2017-12-21 Der Jakobsweg – El Camino

Nie verirrt man sich so leicht wie dann, wenn man glaubt den Weg zu kennen

Pilgerweisheit

Viel wurde schon geschrieben über den spanischen Jakobsweg. Paolo Coello, Shirley MacLaine und spätestens seit der Veröffentlichung von HP Kerkelings Buch und Film „Ich bin dann mal weg“ gab es einen regelrechten Hype auf dem französischen Weg der in Saint-Jean Pied de Port in den Pyrenäen beginnt und quer durchs Land über Burgos und Leon nach Santiago de Compostela führt.

Durch die Popularität ist der französische Jakobsweg inzwischen sehr überlaufen und die meisten Pilger wählen beim zweiten Mal einen der weniger bekannten Jakobswege wie zum Beispiel: die Via de la Plata (Silberstrasse), die von Cádiz an der andalusischen Küste nach Santiago führt; den Küstenweg an der Nordküste Spaniens über Santander „del Norte“; den portugiesische Weg; den Primitivo etc.

Es gibt die Aussage, dass der Weg an sich schon ganz besonders sei, aufgrund erhöhter Schwingung, Energie und den vielen Kraftorten unterwegs. Für mich sind es auch die alten Kirchen und Kapellen und der Gedanke, dass auf den Pfaden, auf denen ich jetzt gehe, Tausende von Pilgern vor mir gegangen sind.

Dann ist da natürlich den Effekt des Gehens an sich, mit den biochemischen Vorgängen (Stoffwechsel wird beschleunigt, Herz/Kreislauf angeregt und Endorphine freigesetzt – ja, ja!).

Durch die Verlangsamung erlebe ich alles intensiver, die Wahrnehmung verändert sich, ich spüre meinen Körper (anfangs oft schmerzhaft), die scheinbar unerträgliche Last des Rucksacks.

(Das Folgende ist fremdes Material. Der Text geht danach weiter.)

(* Let $n\ge1$, $0<\epsilon\le1$, $0\le\tau<1$, and let $G=(V,E)$ be a comparison graph. Let $P$ be a distribution on $[n]$ with $\|P-U_n\|\ge\epsilon$ and $|E|(\mu_P-\mu_P^2)\ge c(G)(\gamma_P-\mu_P^2)$. If $|E|\ge\dfrac{16n}{(1-\tau)^2\epsilon^4}$, then the collision-based algorithm $(G,\tau)$ outputs YES on $P$ with probability at most $1/4$.
   Context: $U_n$ is the uniform distribution on $[n]$; $\|P-Q\|=\sum_i|P_i-Q_i|$. $\mu_P=\sum_iP_i^2$, $\gamma_P=\sum_iP_i^3$. A comparison graph is a finite simple undirected graph $G=(V,E)$; $c(G)$ is the number of ordered triples $(u,v,w)$ of distinct vertices with $\{u,v\},\{v,w\}\in E$. Given $P$, each vertex $v$ receives an independent sample $S(v)\sim P$; for $e=\{u,v\}\in E$, $\mathbf 1_e=\mathbf 1[S(u)=S(v)]$; $Z=\sum_{e\in E}\mathbf 1_e$ and $T=|E|\frac{1+\tau\epsilon^2}{n}$; the algorithm $(G,\tau)$ outputs YES if $Z<T$ and NO otherwise. *)

From HB Require Import structures.
From mathcomp Require Import all_boot all_order all_algebra.
Set Implicit Arguments. Unset Strict Implicit. Unset Printing Implicit Defensive.
Import Order.TTheory GRing.Theory Num.Theory.
Local Open Scope ring_scope.

Definition is_distr (R : realFieldType) (n : nat) (P : {ffun 'I_n -> R}) : Prop :=
  (forall i, 0 <= P i) /\ \sum_(i < n) P i = 1.

Definition dist_unif (R : realFieldType) (n : nat) (P : {ffun 'I_n -> R}) : R :=
  \sum_(i < n) `|P i - n%:R^-1|.

Definition muP (R : realFieldType) (n : nat) (P : {ffun 'I_n -> R}) : R :=
  \sum_(i < n) P i ^+ 2.
Definition gammaP (R : realFieldType) (n : nat) (P : {ffun 'I_n -> R}) : R :=
  \sum_(i < n) P i ^+ 3.

Definition simple_graph (V : finType) (adj : rel V) : Prop :=
  symmetric adj /\ irreflexive adj.

Definition edges (V : finType) (adj : rel V) : {set {set V}} :=
  [set [set x.1; x.2] | x in [set x : V * V | adj x.1 x.2]].

Definition cG (V : finType) (adj : rel V) : nat :=
  #|[set t : V * V * V |
      [&& t.1.1 != t.1.2, t.1.2 != t.2, t.1.1 != t.2,
          [set t.1.1; t.1.2] \in edges adj & [set t.1.2; t.2] \in edges adj]]|.

Definition coll (V : finType) (n : nat) (S : {ffun V -> 'I_n}) (e : {set V}) : bool :=
  [forall u in e, forall v in e, S u == S v].

Definition Zstat (V : finType) (adj : rel V) (n : nat) (S : {ffun V -> 'I_n}) : nat :=
  #|[set e in edges adj | coll S e]|.

Definition thresh (R : realFieldType) (V : finType) (adj : rel V) (n : nat) (tau eps : R) : R :=
  (#|edges adj|%:R * (1 + tau * eps ^+ 2)) / n%:R.

(* Probability (over independent samples S(v) ~ P) that the algorithm outputs YES, i.e. Z < T *)
Definition prob_yes (R : realFieldType) (V : finType) (adj : rel V) (n : nat)
  (tau eps : R) (P : {ffun 'I_n -> R}) : R :=
  \sum_(S : {ffun V -> 'I_n} | (Zstat adj S)%:R < thresh adj n tau eps)
     \prod_(v : V) P (S v).

From HB Require Import structures.
From mathcomp Require Import all_boot all_order all_algebra.
From mathcomp Require Import ring lra.
Set Implicit Arguments. Unset Strict Implicit. Unset Printing Implicit Defensive.
Import Order.TTheory GRing.Theory Num.Theory.
Local Open Scope ring_scope.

Irgendwann, nach ein paar Tagen, habe ich meinen Laufrhythmus gefunden, ich setzte einen Fuß vor den anderen, ich gehe. Meine Gedanken, die anfangs noch viel mit dem Alltag zu Hause beschäftigt sind, beschränken sich mehr und mehr auf trinken, essen, schlafen, weitergehen. Ich erlebe, was sonst oft so schwierig ist, ich bin hier in der Gegenwart, ganz bei dem was ich gerade tue. Ich fühle alle Teile meines Körpers, liebe meine Füße, die mich schon so lange getragen haben und jetzt weiter tragen, mein Rucksack (meine Last) gehört zu mir, ich bin erfüllt von Dankbarkeit und Lebensfreude, fühle mich als Teil der Schöpfung, ich sehe alles klar, mein Herz singt, ich singe, kann den Menschen auf dem Weg mit Offenheit und Freundlichkeit begegnen, wir sind Weggefährten für eine Zeit.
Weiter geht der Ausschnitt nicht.